Stored items
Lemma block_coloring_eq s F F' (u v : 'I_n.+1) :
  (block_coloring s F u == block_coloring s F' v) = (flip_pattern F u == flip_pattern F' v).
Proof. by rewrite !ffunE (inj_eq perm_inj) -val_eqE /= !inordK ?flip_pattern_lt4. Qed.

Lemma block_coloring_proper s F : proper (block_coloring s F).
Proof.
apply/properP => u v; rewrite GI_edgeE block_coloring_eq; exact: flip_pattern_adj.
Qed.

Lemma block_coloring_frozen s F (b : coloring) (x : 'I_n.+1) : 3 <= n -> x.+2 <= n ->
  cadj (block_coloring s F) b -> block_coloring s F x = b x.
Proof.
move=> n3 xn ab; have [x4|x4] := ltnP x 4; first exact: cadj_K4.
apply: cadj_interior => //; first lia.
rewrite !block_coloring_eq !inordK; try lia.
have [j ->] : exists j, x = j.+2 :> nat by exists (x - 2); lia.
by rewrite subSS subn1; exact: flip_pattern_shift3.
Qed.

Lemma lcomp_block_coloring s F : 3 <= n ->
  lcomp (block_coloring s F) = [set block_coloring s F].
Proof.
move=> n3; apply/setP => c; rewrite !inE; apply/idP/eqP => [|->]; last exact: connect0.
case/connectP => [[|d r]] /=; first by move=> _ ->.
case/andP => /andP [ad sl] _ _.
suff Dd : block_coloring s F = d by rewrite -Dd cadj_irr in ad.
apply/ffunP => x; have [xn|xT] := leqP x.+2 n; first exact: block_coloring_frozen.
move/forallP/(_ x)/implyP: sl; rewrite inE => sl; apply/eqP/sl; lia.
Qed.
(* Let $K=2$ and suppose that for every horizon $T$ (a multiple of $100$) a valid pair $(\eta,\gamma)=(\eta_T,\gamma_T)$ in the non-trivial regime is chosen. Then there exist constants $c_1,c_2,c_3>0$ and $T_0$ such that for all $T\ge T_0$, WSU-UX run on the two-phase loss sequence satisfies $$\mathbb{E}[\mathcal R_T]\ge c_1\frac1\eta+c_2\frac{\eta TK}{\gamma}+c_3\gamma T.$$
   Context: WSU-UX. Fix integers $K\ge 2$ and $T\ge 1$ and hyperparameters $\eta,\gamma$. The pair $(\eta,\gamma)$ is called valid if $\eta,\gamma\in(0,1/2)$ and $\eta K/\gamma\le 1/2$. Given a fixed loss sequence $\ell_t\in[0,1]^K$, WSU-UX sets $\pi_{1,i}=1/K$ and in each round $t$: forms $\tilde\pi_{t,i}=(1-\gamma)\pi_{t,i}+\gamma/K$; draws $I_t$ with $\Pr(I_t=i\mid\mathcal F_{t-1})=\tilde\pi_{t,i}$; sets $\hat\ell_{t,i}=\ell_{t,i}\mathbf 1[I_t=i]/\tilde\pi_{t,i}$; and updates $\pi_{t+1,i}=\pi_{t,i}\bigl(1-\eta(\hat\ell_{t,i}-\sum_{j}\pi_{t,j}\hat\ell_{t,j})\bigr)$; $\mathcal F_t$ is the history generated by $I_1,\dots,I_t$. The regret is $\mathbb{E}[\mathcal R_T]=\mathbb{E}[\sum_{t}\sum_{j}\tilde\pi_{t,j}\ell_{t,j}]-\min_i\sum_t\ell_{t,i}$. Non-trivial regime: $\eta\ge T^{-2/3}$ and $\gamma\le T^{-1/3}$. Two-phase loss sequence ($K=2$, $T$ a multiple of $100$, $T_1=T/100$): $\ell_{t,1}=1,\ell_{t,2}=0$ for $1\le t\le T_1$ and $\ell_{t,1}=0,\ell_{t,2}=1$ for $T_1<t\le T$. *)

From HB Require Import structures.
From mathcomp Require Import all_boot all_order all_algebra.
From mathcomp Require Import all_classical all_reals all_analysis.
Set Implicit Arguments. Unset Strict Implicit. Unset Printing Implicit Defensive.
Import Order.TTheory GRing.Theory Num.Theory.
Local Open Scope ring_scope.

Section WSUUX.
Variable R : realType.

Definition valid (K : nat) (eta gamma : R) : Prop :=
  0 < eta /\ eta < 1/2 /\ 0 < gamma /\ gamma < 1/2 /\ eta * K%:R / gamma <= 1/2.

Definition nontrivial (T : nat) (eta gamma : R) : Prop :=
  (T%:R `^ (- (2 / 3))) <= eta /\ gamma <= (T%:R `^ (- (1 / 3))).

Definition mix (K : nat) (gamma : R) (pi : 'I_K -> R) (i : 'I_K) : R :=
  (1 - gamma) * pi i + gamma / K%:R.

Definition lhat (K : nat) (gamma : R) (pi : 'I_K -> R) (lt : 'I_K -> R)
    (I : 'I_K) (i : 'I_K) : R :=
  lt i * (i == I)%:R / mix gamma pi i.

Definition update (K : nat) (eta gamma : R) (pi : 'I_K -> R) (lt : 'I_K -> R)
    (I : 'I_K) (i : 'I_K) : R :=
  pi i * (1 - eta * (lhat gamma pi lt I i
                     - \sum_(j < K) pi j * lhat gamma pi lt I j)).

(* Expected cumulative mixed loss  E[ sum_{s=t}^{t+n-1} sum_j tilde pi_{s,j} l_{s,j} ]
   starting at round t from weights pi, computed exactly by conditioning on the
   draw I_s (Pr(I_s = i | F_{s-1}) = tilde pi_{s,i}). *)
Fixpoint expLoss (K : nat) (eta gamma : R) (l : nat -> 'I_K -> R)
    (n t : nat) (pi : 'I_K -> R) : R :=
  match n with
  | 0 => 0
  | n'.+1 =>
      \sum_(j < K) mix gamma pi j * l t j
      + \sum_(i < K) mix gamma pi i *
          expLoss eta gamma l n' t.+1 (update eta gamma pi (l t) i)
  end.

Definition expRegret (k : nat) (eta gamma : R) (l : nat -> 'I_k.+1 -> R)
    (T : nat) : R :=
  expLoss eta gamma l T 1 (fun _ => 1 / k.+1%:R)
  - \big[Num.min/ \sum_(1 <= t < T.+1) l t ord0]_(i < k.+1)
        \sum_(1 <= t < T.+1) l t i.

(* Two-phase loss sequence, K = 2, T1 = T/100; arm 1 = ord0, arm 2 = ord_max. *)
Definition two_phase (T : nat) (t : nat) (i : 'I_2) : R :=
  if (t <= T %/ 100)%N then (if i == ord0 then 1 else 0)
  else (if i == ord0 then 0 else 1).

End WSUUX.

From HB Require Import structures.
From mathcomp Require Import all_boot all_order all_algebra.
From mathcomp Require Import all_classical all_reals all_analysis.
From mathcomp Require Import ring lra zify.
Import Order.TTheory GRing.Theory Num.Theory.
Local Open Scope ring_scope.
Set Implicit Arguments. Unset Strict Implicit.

**TASK ITEM**
The entries above must be written out again exactly as they are.

**THE COMPLETED TASK**
Lemma block_coloring_eq s F F' (u v : 'I_n.+1) :
  (block_coloring s F u == block_coloring s F' v) = (flip_pattern F u == flip_pattern F' v).
Proof. by rewrite !ffunE (inj_eq perm_inj) -val_eqE /= !inordK ?flip_pattern_lt4. Qed.

Lemma block_coloring_proper s F : proper (block_coloring s F).
Proof.
apply/properP => u v; rewrite GI_edgeE block_coloring_eq; exact: flip_pattern_adj.
Qed.

Lemma block_coloring_frozen s F (b : coloring) (x : 'I_n.+1) : 3 <= n -> x.+2 <= n ->
  cadj (block_coloring s F) b -> block_coloring s F x = b x.
Proof.
move=> n3 xn ab; have [x4|x4] := ltnP x 4; first exact: cadj_K4.
apply: cadj_interior => //; first lia.
rewrite !block_coloring_eq !inordK; try lia.
have [j ->] : exists j, x = j.+2 :> nat by exists (x - 2); lia.
by rewrite subSS subn1; exact: flip_pattern_shift3.
Qed.

Lemma lcomp_block_coloring s F : 3 <= n ->
  lcomp (block_coloring s F) = [set block_coloring s F].
Proof.
move=> n3; apply/setP => c; rewrite !inE; apply/idP/eqP => [|->]; last exact: connect0.
case/connectP => [[|d r]] /=; first by move=> _ ->.
case/andP => /andP [ad sl] _ _.
suff Dd : block_coloring s F = d by rewrite -Dd cadj_irr in ad.
apply/ffunP => x; have [xn|xT] := leqP x.+2 n; first exact: block_coloring_frozen.
move/forallP/(_ x)/implyP: sl; rewrite inE => sl; apply/eqP/sl; lia.
Qed.
(* Let $K=2$ and suppose that for every horizon $T$ (a multiple of $100$) a valid pair $(\eta,\gamma)=(\eta_T,\gamma_T)$ in the non-trivial regime is chosen. Then there exist constants $c_1,c_2,c_3>0$ and $T_0$ such that for all $T\ge T_0$, WSU-UX run on the two-phase loss sequence satisfies $$\mathbb{E}[\mathcal R_T]\ge c_1\frac1\eta+c_2\frac{\eta TK}{\gamma}+c_3\gamma T.$$
   Context: WSU-UX. Fix integers $K\ge 2$ and $T\ge 1$ and hyperparameters $\eta,\gamma$. The pair $(\eta,\gamma)$ is called valid if $\eta,\gamma\in(0,1/2)$ and $\eta K/\gamma\le 1/2$. Given a fixed loss sequence $\ell_t\in[0,1]^K$, WSU-UX sets $\pi_{1,i}=1/K$ and in each round $t$: forms $\tilde\pi_{t,i}=(1-\gamma)\pi_{t,i}+\gamma/K$; draws $I_t$ with $\Pr(I_t=i\mid\mathcal F_{t-1})=\tilde\pi_{t,i}$; sets $\hat\ell_{t,i}=\ell_{t,i}\mathbf 1[I_t=i]/\tilde\pi_{t,i}$; and updates $\pi_{t+1,i}=\pi_{t,i}\bigl(1-\eta(\hat\ell_{t,i}-\sum_{j}\pi_{t,j}\hat\ell_{t,j})\bigr)$; $\mathcal F_t$ is the history generated by $I_1,\dots,I_t$. The regret is $\mathbb{E}[\mathcal R_T]=\mathbb{E}[\sum_{t}\sum_{j}\tilde\pi_{t,j}\ell_{t,j}]-\min_i\sum_t\ell_{t,i}$. Non-trivial regime: $\eta\ge T^{-2/3}$ and $\gamma\le T^{-1/3}$. Two-phase loss sequence ($K=2$, $T$ a multiple of $100$, $T_1=T/100$): $\ell_{t,1}=1,\ell_{t,2}=0$ for $1\le t\le T_1$ and $\ell_{t,1}=0,\ell_{t,2}=1$ for $T_1<t\le T$. *)

From HB Require Import structures.
From mathcomp Require Import all_boot all_order all_algebra.
From mathcomp Require Import all_classical all_reals all_analysis.
Set Implicit Arguments. Unset Strict Implicit. Unset Printing Implicit Defensive.
Import Order.TTheory GRing.Theory Num.Theory.
Local Open Scope ring_scope.

Section WSUUX.
Variable R : realType.

Definition valid (K : nat) (eta gamma : R) : Prop :=
  0 < eta /\ eta < 1/2 /\ 0 < gamma /\ gamma < 1/2 /\ eta * K%:R / gamma <= 1/2.

Definition nontrivial (T : nat) (eta gamma : R) : Prop :=
  (T%:R `^ (- (2 / 3))) <= eta /\ gamma <= (T%:R `^ (- (1 / 3))).

Definition mix (K : nat) (gamma : R) (pi : 'I_K -> R) (i : 'I_K) : R :=
  (1 - gamma) * pi i + gamma / K%:R.

Definition lhat (K : nat) (gamma : R) (pi : 'I_K -> R) (lt : 'I_K -> R)
    (I : 'I_K) (i : 'I_K) : R :=
  lt i * (i == I)%:R / mix gamma pi i.

Definition update (K : nat) (eta gamma : R) (pi : 'I_K -> R) (lt : 'I_K -> R)
    (I : 'I_K) (i : 'I_K) : R :=
  pi i * (1 - eta * (lhat gamma pi lt I i
                     - \sum_(j < K) pi j * lhat gamma pi lt I j)).

(* Expected cumulative mixed loss  E[ sum_{s=t}^{t+n-1} sum_j tilde pi_{s,j} l_{s,j} ]
   starting at round t from weights pi, computed exactly by conditioning on the
   draw I_s (Pr(I_s = i | F_{s-1}) = tilde pi_{s,i}). *)
Fixpoint expLoss (K : nat) (eta gamma : R) (l : nat -> 'I_K -> R)
    (n t : nat) (pi : 'I_K -> R) : R :=
  match n with
  | 0 => 0
  | n'.+1 =>
      \sum_(j < K) mix gamma pi j * l t j
      + \sum_(i < K) mix gamma pi i *
          expLoss eta gamma l n' t.+1 (update eta gamma pi (l t) i)
  end.

Definition expRegret (k : nat) (eta gamma : R) (l : nat -> 'I_k.+1 -> R)
    (T : nat) : R :=
  expLoss eta gamma l T 1 (fun _ => 1 / k.+1%:R)
  - \big[Num.min/ \sum_(1 <= t < T.+1) l t ord0]_(i < k.+1)
        \sum_(1 <= t < T.+1) l t i.

(* Two-phase loss sequence, K = 2, T1 = T/100; arm 1 = ord0, arm 2 = ord_max. *)
Definition two_phase (T : nat) (t : nat) (i : 'I_2) : R :=
  if (t <= T %/ 100)%N then (if i == ord0 then 1 else 0)
  else (if i == ord0 then 0 else 1).

End WSUUX.

From HB Require Import structures.
From mathcomp Require Import all_boot all_order all_algebra.
From mathcomp Require Import all_classical all_reals all_analysis.
From mathcomp Require Import ring lra zify.
Import Order.TTheory GRing.Theory Num.Theory.
Local Open Scope ring_scope.
Set Implicit Arguments. Unset Strict Implicit.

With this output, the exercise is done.